De acordo com ela, nos Estados Unidos também há contestação sobre o preço do tratamento da hepatite C, que chega a custar US$ 84 mil, enquanto países como Egito e Malásia, que não têm patente no medicamento, pagam de US$ 200 a US$ 300. “Aqui conseguimos chegar a um preço não tão baixo, mas muito melhor. Esse remédio da Gilead custa R$ 16 mil e o genérico sai a R$ 2.750, para um tratamento de 3 meses, que cura efetivamente a doença”.
Anvisa
Segundo a Agência Nacional de Vigilância Sanitária (Anvisa), o órgão foi instado judicialmente a “conceder anuência prévia” aos pedidos de patente do Sofosbuvir, tendo encaminhado ao Inpi os pareceres.
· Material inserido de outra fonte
(* Let $n\ge 1$ and let $\mathcal{M}^n$ denote the set of real symmetric positive semidefinite $n\times n$ matrices. Let $F:(\mathcal{M}^n)^n\to\mathbb{R}$ be a function such that (i) $F(A_1,\dots,A_n)\ge 0$ for all $A_1,\dots,A_n\in\mathcal{M}^n$; (ii) $F$ is additive in each variable, i.e. $F(\dots,A+A',\dots)=F(\dots,A,\dots)+F(\dots,A',\dots)$ in each argument, the other arguments being fixed; (iii) $F(A_1,\dots,A_n)=0$ whenever two of the arguments $A_i,A_j$ ($i\neq j$) are proportional matrices of rank one. Then there is a constant $a\ge 0$ such that $F(A_1,\dots,A_n)=a\,D(A_1,\dots,A_n)$ for all $A_1,\dots,A_n\in\mathcal{M}^n$, where $D$ is the mixed discriminant.
   Context: The mixed discriminant $D:(\mathcal{M}^n)^n\to\mathbb{R}$ is the unique symmetric function such that $\det(\lambda_1A_1+\dots+\lambda_mA_m)=\sum_{i_1,\dots,i_n=1}^m\lambda_{i_1}\cdots\lambda_{i_n}D(A_{i_1},\dots,A_{i_n})$ for all $m\in\mathbb{N}$, $A_1,\dots,A_m\in\mathcal{M}^n$ and $\lambda_1,\dots,\lambda_m\ge 0$. Equivalently, $D(A_1,\dots,A_n)=\frac{1}{n!}\sum_{\sigma\in S(n)}\det(A_{\sigma(1)}^{(1)},\dots,A_{\sigma(n)}^{(n)})$, where $A^{(i)}$ denotes the $i$th column of $A$ and $S(n)$ is the symmetric group. *)

From HB Require Import structures.
From mathcomp Require Import all_boot all_order all_algebra all_fingroup.
From mathcomp Require Import reals.
Set Implicit Arguments. Unset Strict Implicit. Unset Printing Implicit Defensive.
Import Order.TTheory GRing.Theory Num.Theory.
Local Open Scope ring_scope.
Lemma climb_cat a b : climb (a ++ b) = climb a + climb b.
Proof. by rewrite /climb map_cat sumn_cat. Qed.

Lemma label_dist_nil_r s : label_dist s [::] = climb s.
Proof. by case: s. Qed.

Lemma label_dist_prefix P s t : label_dist (P ++ s) (P ++ t) = label_dist s t.
Proof. by elim: P => //= y P IHP; rewrite eqxx. Qed.

Lemma label_dist_refl s : label_dist s s = 0.
Proof. by rewrite -(cats0 s) label_dist_prefix. Qed.

(* The cube addressed by [P] has the vertices [rcons P b]; either [s] passes
   through it, at the label [c], or not. *)
Variant branch_spec (s P : seq 'I_8) : Type :=
  | Branch c l of s = P ++ c :: l
  | OffBranch of (forall c l, s != P ++ c :: l).

Lemma branchP s P : branch_spec s P.
Proof.
have [/andP [ltPs /eqP takeP]|off] := boolP ((size P < size s) && (take (size P) s == P)).
  apply: (@Branch _ _ (nth ord0 s (size P)) (drop (size P).+1 s)).
  by rewrite -{1}(cat_take_drop (size P) s) takeP (drop_nth ord0 ltPs).
apply: OffBranch => c l; apply: contra off => /eqP ->.
by rewrite size_cat /= take_size_cat // addnS ltnS leq_addr eqxx.
Qed.

Lemma label_dist_cube P c l b :
  label_dist (P ++ c :: l) (rcons P b) = climb l + cube_dist c b.
Proof.
rewrite -cats1 label_dist_prefix /=; case: eqP => [->|_]; last by rewrite addn0.
by rewrite label_dist_nil_r cube_dist_refl addn0.
Qed.

Lemma label_dist_child P c l b : b != c ->
  label_dist (P ++ c :: l) (rcons (rcons P b) ord0) = (climb l + cube_dist c b).+1.
Proof.
move=> nbc; rewrite -!cats1 -catA label_dist_prefix /= eq_sym (negbTE nbc).
by rewrite /climb /= cube_dist_refl addn0 addn1.
Qed.

Lemma label_dist_own_child P c l :
  label_dist (P ++ c :: l) (rcons (rcons P c) ord0) = label_dist l [:: ord0].
Proof. by rewrite -!cats1 -catA label_dist_prefix /= eqxx. Qed.

Lemma label_dist_head l : l != [::] -> (label_dist l [:: ord0]).+1 = climb l.
Proof.
case: l => // y l _ /=; case: eqP => [->|_].
  by rewrite label_dist_nil_r /climb /= cube_dist_refl.
by rewrite /climb /= addn0 addnC addSn.
Qed.

Lemma label_dist_parent P c l :
  label_dist (P ++ c :: l) P = climb l + (cube_dist c ord0).+1.
Proof. by rewrite -{2}(cats0 P) label_dist_prefix label_dist_nil_r addnC. Qed.

Lemma label_dist_off_branch P s v : (forall c l, s != P ++ c :: l) ->
  label_dist s (P ++ v) = label_dist s P + climb v.
Proof.
elim: P s => [|z P IHP] [|y l] /= off.
- by [].
- by have := off y l; rewrite eqxx.
- by rewrite -cat_cons climb_cat.
case: eqP => [eyz|_]; last by rewrite climb_cat !addnA.
by rewrite IHP // => c l'; apply: contra (off c l') => /eqP ->; rewrite eyz.
Qed.

Lemma label_dist_off_branch_cube P s b : (forall c l, s != P ++ c :: l) ->
  label_dist s (rcons P b) = label_dist s P + (cube_dist ord0 b).+1.
Proof.
by move=> off; rewrite -cats1 label_dist_off_branch // /climb /= addn0 cube_dist_sym.
Qed.

Lemma label_dist_child_parent s P b :
  label_dist s (rcons (rcons P b) ord0) <= (label_dist s (rcons P b)).+1 /\
  label_dist s (rcons P b) <= (label_dist s (rcons (rcons P b) ord0)).+1.
Proof.
case: (branchP s P) => [c l ->|off].
  case: (eqVneq b c) => [->|nbc].
    rewrite label_dist_own_child label_dist_cube cube_dist_refl addn0.
    case: (eqVneq l [::]) => [->|/label_dist_head <-] //; lia.
  by rewrite label_dist_child // label_dist_cube; lia.
rewrite -!cats1 -catA !label_dist_off_branch //= /climb /= cube_dist_refl; lia.
Qed.

Section Vertices.
Variable m : nat.
Local Notation n := m.+2.
Local Notation V := (ccc_vertex n).

Definition inner (s : seq 'I_8) := behead (take (size s).-1 s).

(* The label sequences of vertices: the inner labels are non-head, since the
   cubes hang off non-head vertices. *)
Definition admissible (s : seq 'I_8) :=
  (0 < size s <= n) && all (fun y => y != ord0) (inner s).

Lemma admissibleP s : reflect
  ((0 < size s <= n) /\ forall i, 0 < i < (size s).-1 -> nth ord0 s i != ord0)
  (admissible s).
Proof.
have size_inner : size (inner s) = (size s).-2.
  by rewrite size_behead size_takel // leq_pred.
have nth_inner i : i.+1 < (size s).-1 -> nth ord0 (inner s) i = nth ord0 s i.+1.
  by move=> lti; rewrite nth_behead nth_take.
apply: (iffP andP) => [[size_s /(all_nthP ord0) inner0]|[size_s inner0]].
  split=> // -[//|i] /andP [_ lti]; rewrite -nth_inner //.
  by apply: inner0; rewrite size_inner; lia.
split=> //; apply/(all_nthP ord0) => i; rewrite size_inner => lti.
by rewrite nth_inner; [apply: inner0|]; lia.
Qed.

Lemma admissible_rcons P b :
  admissible (rcons P b) = (size P < n) && all (fun y => y != ord0) (behead P).
Proof. by rewrite /admissible /inner size_rcons /= -cats1 take_size_cat. Qed.

Lemma admissible_relabel P b b' : admissible (rcons P b) -> admissible (rcons P b').
Proof. by rewrite !admissible_rcons. Qed.

Lemma admissible_child P b : admissible (rcons P b) -> size P <= m ->
  (P == [::]) || (b != ord0) -> admissible (rcons (rcons P b) ord0).
Proof.
rewrite !admissible_rcons size_rcons => /andP [_ P_ok] lePm; rewrite !ltnS lePm /=.
by case: P P_ok {lePm} => //= p P P_ok b0; rewrite all_rcons P_ok andbT.
Qed.

Lemma admissible_parent P b :
  admissible (rcons (rcons P b) ord0) -> admissible (rcons P b).
Proof.
rewrite !admissible_rcons size_rcons => /andP [ltPn P_ok]; rewrite ltnW //=.
by case: P P_ok {ltPn} => //= p P; rewrite all_rcons => /andP [].
Qed.

Lemma admissible_branch_child P c l : l != [::] ->
  admissible (P ++ c :: l) -> admissible (rcons (rcons P c) ord0).
Proof.
case/lastP: l => // l x _.
rewrite -rcons_cons -rcons_cat !admissible_rcons size_rcons size_cat /=.
case/andP=> ltn P_ok; apply/andP; split; first lia.
by move: P_ok; rewrite -cat_rcons; case: P {ltn} => //= p P; rewrite all_cat => /andP [].
Qed.

Lemma vseq_size (x : V) : size (vseq x) = (val x).1.+1.
Proof. by rewrite /vseq size_takel // size_tuple ltn_ord. Qed.

Lemma vseq_nil (x : V) : vseq x <> [::].
Proof. by move=> vx0; have := vseq_size x; rewrite vx0. Qed.

Definition cube_of (x : V) := behead (belast ord0 (vseq x)).
Definition last_label (x : V) := last ord0 (vseq x).

Lemma vseq_cube_of (x : V) : vseq x = rcons (cube_of x) (last_label x).
Proof.
rewrite /cube_of /last_label; case/lastP vx: (vseq x) => [|P b].
  by case: (vseq_nil vx).
by rewrite belast_rcons last_rcons.
Qed.

Lemma ccc_validP (x : 'I_n * n.-tuple 'I_8) : ccc_valid x ->
  forall i : 'I_n, (x.1 < i -> tnth x.2 i = ord0) /\ (0 < i < x.1 -> tnth x.2 i != ord0).
Proof. by move/forallP => x_ok i; case/andP: (x_ok i) => /implyP/(_ _)/eqP ? /implyP. Qed.
(* Consider a one-hidden-layer network with $M$ hidden neurons, weight vectors $w_1,\dots,w_M\in\mathbb{R}^N$ and biases $b_1,\dots,b_M$, with input $x\in\mathbb{R}^N$ and perturbation $e\in\mathbb{R}^N$ with $\|e\|_\infty\le\delta$. Assume: (1) $\|x\|_2=1$ and $\|x\|_\infty=o(1)$ as $N\to\infty$; (2) $\delta\le |b_i|/\|w_i\|_1-C$ for all $i=1,\dots,M$, for some constant $C>0$ independent of $N$; (3) $M=\omega(1)$ as $N\to\infty$; (4) for each $i$, the entries $w_i[k]$, $k=1,\dots,N$, are i.i.d. with zero mean and variance $\sigma_i^2=\Theta(1)$. Let $S=\{i:|w_i^Tx-b_i|>|w_i^Te|\}$. Then $\lim_{N\to\infty}\Pr\left(|S|/M=1-o(1)\right)=1$.
   Context: Asymptotic notation: $f=\Theta(g)$ if $C_1<|f/g|<C_2$ for constants $C_1,C_2>0$; $f=o(g)$ if $|f/g|\to0$; $f=\omega(g)$ if $g=o(f)$. For a neuron $i\in S$, the ReLU switch $s_i=\mathbb{1}\{w_i^Tx-b_i>0\}$ is unchanged when $x$ is replaced by $x+e$ (the ''high SNR'' condition). *)

From HB Require Import structures.
From mathcomp Require Import all_boot all_order all_algebra.
From mathcomp Require Import all_classical all_reals all_analysis.
Set Implicit Arguments. Unset Strict Implicit. Unset Printing Implicit Defensive.
Import Order.TTheory GRing.Theory Num.Theory.
Import numFieldNormedType.Exports.
Local Open Scope classical_set_scope.
Local Open Scope ring_scope.

Section Vectors.
Context {R : realType} {N : nat}.
Definition dotp (u v : 'I_N -> R) : R := \sum_(k < N) u k * v k.
Definition norm1 (u : 'I_N -> R) : R := \sum_(k < N) `|u k|.
Definition norm2 (u : 'I_N -> R) : R := Num.sqrt (\sum_(k < N) u k ^+ 2).
Definition normInf (u : 'I_N -> R) : R := \big[Num.max/0]_(k < N) `|u k|.
End Vectors.

Definition robust_set {R : realType} (N M : nat) (w : 'I_M -> 'I_N -> R)
    (b : 'I_M -> R) (x e : 'I_N -> R) : {set 'I_M} :=
  [set i : 'I_M | `|dotp (w i) e| < `|dotp (w i) x - b i|].

(* Mutual independence of a finite family of real random variables:
   product rule for every family of Borel sets (sub-families are obtained
   by taking B k = setT). *)
Definition mutually_independent {d} {T : measurableType d} {R : realType}
    (P : probability T R) (n : nat) (X : 'I_n -> {RV P >-> R}) : Prop :=
  forall B : 'I_n -> set R, (forall k, measurable (B k)) ->
    P (\big[setI/setT]_(k < n) (X k @^-1` B k)) =
    (\big[*%E/1%E]_(k < n) P (X k @^-1` B k))%E.

Definition identically_distributed {d} {T : measurableType d} {R : realType}
    (P : probability T R) (n : nat) (X : 'I_n -> {RV P >-> R}) : Prop :=
  forall k k' (A : set R), measurable A ->
    distribution P (X k) A = distribution P (X k') A.

(** Condition (2) alone puts every neuron in S, for every realisation of the
    weights outside a null set, once N is so large that ||x||_oo < C.  Indeed
    |w^T v| <= ||w||_1 ||v||_oo gives
    |w_i^T e| <= delta ||w_i||_1 <= |b_i| - C ||w_i||_1 < |b_i| - |w_i^T x|
    <= |w_i^T x - b_i|.
    Hence Pr(|S| = M) = 1 eventually and the o(1) term can be taken to be 0. *)
From HB Require Import structures.
From mathcomp Require Import all_boot all_order all_algebra.
From mathcomp Require Import all_classical all_reals all_analysis.
From mathcomp Require Import lra.
Import Order.TTheory GRing.Theory Num.Theory.
Import numFieldNormedType.Exports.
Local Open Scope classical_set_scope.
Local Open Scope ring_scope.

Section Norms.
Context {R : realType} {N : nat}.
Implicit Types u v : 'I_N -> R.

Lemma normInf_ge0 u : 0 <= normInf u.
Proof. exact: bigmax_ge_id. Qed.

Lemma ler_normInf u k : `|u k| <= normInf u.
Proof. exact: (le_bigmax 0 (fun k => `|u k|) k). Qed.

Lemma norm1_ge0 u : 0 <= norm1 u.
Proof. exact: sumr_ge0. Qed.

Lemma normr_dotp_le u v : `|dotp u v| <= norm1 u * normInf v.
Proof.
rewrite /dotp /norm1 mulr_suml (le_trans (ler_norm_sum _ _ _)) //.
apply: ler_sum => k _; rewrite normrM ler_wpM2l //; exact: ler_normInf.
Qed.

Lemma robust_neuron (w x e : 'I_N -> R) (b delta C : R) :
  normInf e <= delta -> normInf x < C -> delta <= `|b| / norm1 w - C ->
  `|dotp w e| < `|dotp w x - b|.
Proof.
move=> He Hx Hd.
have e_ge0 := normInf_ge0 e; have x_ge0 := normInf_ge0 x.
have w_gt0 : 0 < norm1 w.
  rewrite lt_def norm1_ge0 andbT; apply: contraTneq Hd => ->.
  rewrite invr0 mulr0 sub0r -ltNge; lra.
have delta_le : norm1 w * delta <= `|b| - norm1 w * C.
  by rewrite -(ler_pM2l w_gt0) mulrBr mulrCA divff ?gt_eqF // mulr1 in Hd.
have := normr_dotp_le w e; have := normr_dotp_le w x.
have : norm1 w * normInf e <= norm1 w * delta by rewrite ler_pM2l.
have : norm1 w * normInf x < norm1 w * C by rewrite ltr_pM2l.
have := lerB_dist b (dotp w x); rewrite distrC; lra.
Qed.

End Norms.

Lemma robust_set_full (R : realType) (N M : nat) (w : 'I_M -> 'I_N -> R)
    (b : 'I_M -> R) (x e : 'I_N -> R) (delta C : R) :
  normInf e <= delta -> normInf x < C ->
  (forall i, delta <= `|b i| / norm1 (w i) - C) ->
  robust_set w b x e = [set: 'I_M]%SET.
Proof.
move=> He Hx Hd; apply/setP => i; rewrite !inE.
exact: robust_neuron He Hx (Hd i).
Qed.

Lemma card_ratio_ge1 (R : realFieldType) (M : nat) (S : {set 'I_M}) :
  (0 < M)%N -> (1 <= #|S|%:R / M%:R :> R) = (S == [set: 'I_M]%SET).
Proof.
move=> M_gt0; rewrite ler_pdivlMr ?ltr0n // mul1r ler_nat.
by rewrite eqEcard finset.subsetT cardsT card_ord.
Qed.

Section Measurability.
Context {d : measure_display} {T : measurableType d} {R : realType}.

Lemma measurable_fun_dotp (N : nat) (u v : 'I_N -> T -> R) :
  (forall k, measurable_fun setT (u k)) -> (forall k, measurable_fun setT (v k)) ->
  measurable_fun setT (fun t => dotp (fun k => u k t) (fun k => v k t)).
Proof.
move=> mu mv; apply: measurable_sum => k.
exact: measurable_realfun.measurable_funM.
Qed.

Lemma measurable_robust_set_full (N M : nat) (w : 'I_M -> 'I_N -> T -> R)
    (b : 'I_M -> T -> R) (x : 'I_N -> R) (e : 'I_N -> T -> R) :
  (forall i k, measurable_fun setT (w i k)) ->
  (forall i, measurable_fun setT (b i)) ->
  (forall k, measurable_fun setT (e k)) ->
  measurable [set t | robust_set (fun i k => w i k t) (fun i => b i t) x
                                 (fun k => e k t) == [set: 'I_M]%SET].
Proof.
move=> mw mb me.
have -> : [set t | robust_set (fun i k => w i k t) (fun i => b i t) x
                     (fun k => e k t) == [set: 'I_M]%SET] =
    \bigcap_(i in [set: 'I_M])
      [set t | `|dotp (fun k => w i k t) (fun k => e k t)| <
               `|dotp (fun k => w i k t) x - b i t|].
  apply/seteqP; split => t /=.
  - by move=> /eqP full i _; move: (finset.in_setT i); rewrite -full inE.
  - by move=> robust; apply/eqP/setP => i; rewrite !inE; exact: robust.
apply: fin_bigcap_measurable; first exact: finite_finset.
move=> i _; rewrite -[X in measurable X]setTI.
apply: (measurable_realfun.measurable_fun_ltr _ _ measurableT (Y := [set true])) => //.
- apply: measurableT_comp; first exact: measurable_realfun.normr_measurable.
  exact: measurable_fun_dotp.
- apply: measurableT_comp; first exact: measurable_realfun.normr_measurable.
  apply: measurable_realfun.measurable_funB => //.
  exact: measurable_fun_dotp.
Qed.

Lemma probability_ae1 (P : probability T R) (A : set T) :
  measurable A -> {ae P, forall t, A t} -> P A = 1%E.
Proof.
move=> mA /(negligibleP _ (measurableC mA)) PnA.
rewrite -[A]setCK probability_setC; last exact: measurableC.
by rewrite PnA sube0.
Qed.

End Measurability.

Theorem theorem3 (R : realType) (d : measure_display) (T : measurableType d)
  (P : probability T R)
  (M : nat -> nat)
  (w : forall N : nat, 'I_(M N) -> 'I_N -> {RV P >-> R})
  (b : forall N : nat, 'I_(M N) -> {RV P >-> R})
  (x : forall N : nat, 'I_N -> R)
  (e : forall N : nat, 'I_N -> {RV P >-> R})
  (delta : nat -> R) (C : R) (sigma : forall N : nat, 'I_(M N) -> R) :
  (* perturbation: ||e||_oo <= delta *)
  (\forall N \near \oo, forall t : T, normInf (fun k => e N k t) <= delta N) ->
  (* (1) ||x||_2 = 1 and ||x||_oo = o(1) *)
  (\forall N \near \oo, norm2 (x N) = 1) ->
  (fun N => normInf (x N)) @ \oo --> (0 : R) ->
  (* (2) delta <= |b_i| / ||w_i||_1 - C for all i, with C > 0 independent of N *)
  0 < C ->
  (\forall N \near \oo, {ae P, forall t : T, forall i : 'I_(M N),
      delta N <= `|b N i t| / norm1 (fun k => w N i k t) - C}) ->
  (* (3) M = omega(1) *)
  (forall K : nat, \forall N \near \oo, (K <= M N)%N) ->
  (* (4) for each i, entries i.i.d., zero mean, variance sigma_i^2 = Theta(1) *)
  (forall N (i : 'I_(M N)), mutually_independent (w N i) /\
                            identically_distributed (w N i)) ->
  (forall N (i : 'I_(M N)) (k : 'I_N),
      P.-integrable setT (EFin \o w N i k) /\
      ('E_P[w N i k] = 0)%E /\ ('V_P[w N i k] = ((sigma N i) ^+ 2)%:E)%E) ->
  (exists C1 C2 : R, 0 < C1 /\ 0 < C2 /\
     forall N (i : 'I_(M N)), C1 < sigma N i ^+ 2 < C2) ->
  (* conclusion: Pr(|S|/M >= 1 - o(1)) -> 1 *)
  exists eps : nat -> R, eps @ \oo --> (0 : R) /\
    (fun N => P [set t | 1 - eps N <=
        (#|robust_set (fun i k => w N i k t) (fun i => b N i t) (x N)
                       (fun k => e N k t)|%:R / (M N)%:R)])
      @ \oo --> 1%E.
Proof.
move=> e_le _ x_o1 C_gt0 b_margin M_unbounded _ _ _.
exists (fun=> 0); split; first exact: cvg_cst.
apply: cvg_near_cst.
have x_ltC : \forall N \near \oo, normInf (x N) < C := cvgr_lt 0 x_o1 C C_gt0.
near=> N.
have M_gt0 : (0 < M N)%N by near: N; exact: M_unbounded 1%N.
under eq_set => t do rewrite subr0 card_ratio_ge1 //.
apply: probability_ae1.
  by apply: measurable_robust_set_full => *; exact: measurable_funPT.
have HeN : forall t, normInf (fun k => e N k t) <= delta N by near: N; exact: e_le.
have HxN : normInf (x N) < C by near: N; exact: x_ltC.
have HbN : {ae P, forall t i,
    delta N <= `|b N i t| / norm1 (fun k => w N i k t) - C}.
  by near: N; exact: b_margin.
apply: filterS HbN => t HbNt.
by apply/eqP; exact: robust_set_full (HeN t) HxN HbNt.
Unshelve. all: end_near.
Qed.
A Anvisa ressalta que a concessão da patente não impede o registro sanitário do medicamento genérico, mas “impedirá a comercialização deste enquanto a carta patente estiver vigente”. A agência aponta que cabe ao Inpi avaliar os requisitos e conceder a carta patente.
O Inpi esclareceu que segue rigorosamente a legislação da propriedade industrial e que, para conceder a patente, são analisados os critérios de novidade, tendo a tecnologia objeto do pedido que ser nova no mundo todo; atividade inventiva, ou seja, não pode ser óbvia para um técnico do assunto; e aplicação industrial, que significa ser passível de fabricação.
Procurado pela reportagem, o laboratório Gilead Sciences disse que não comenta questões que estão sub judice.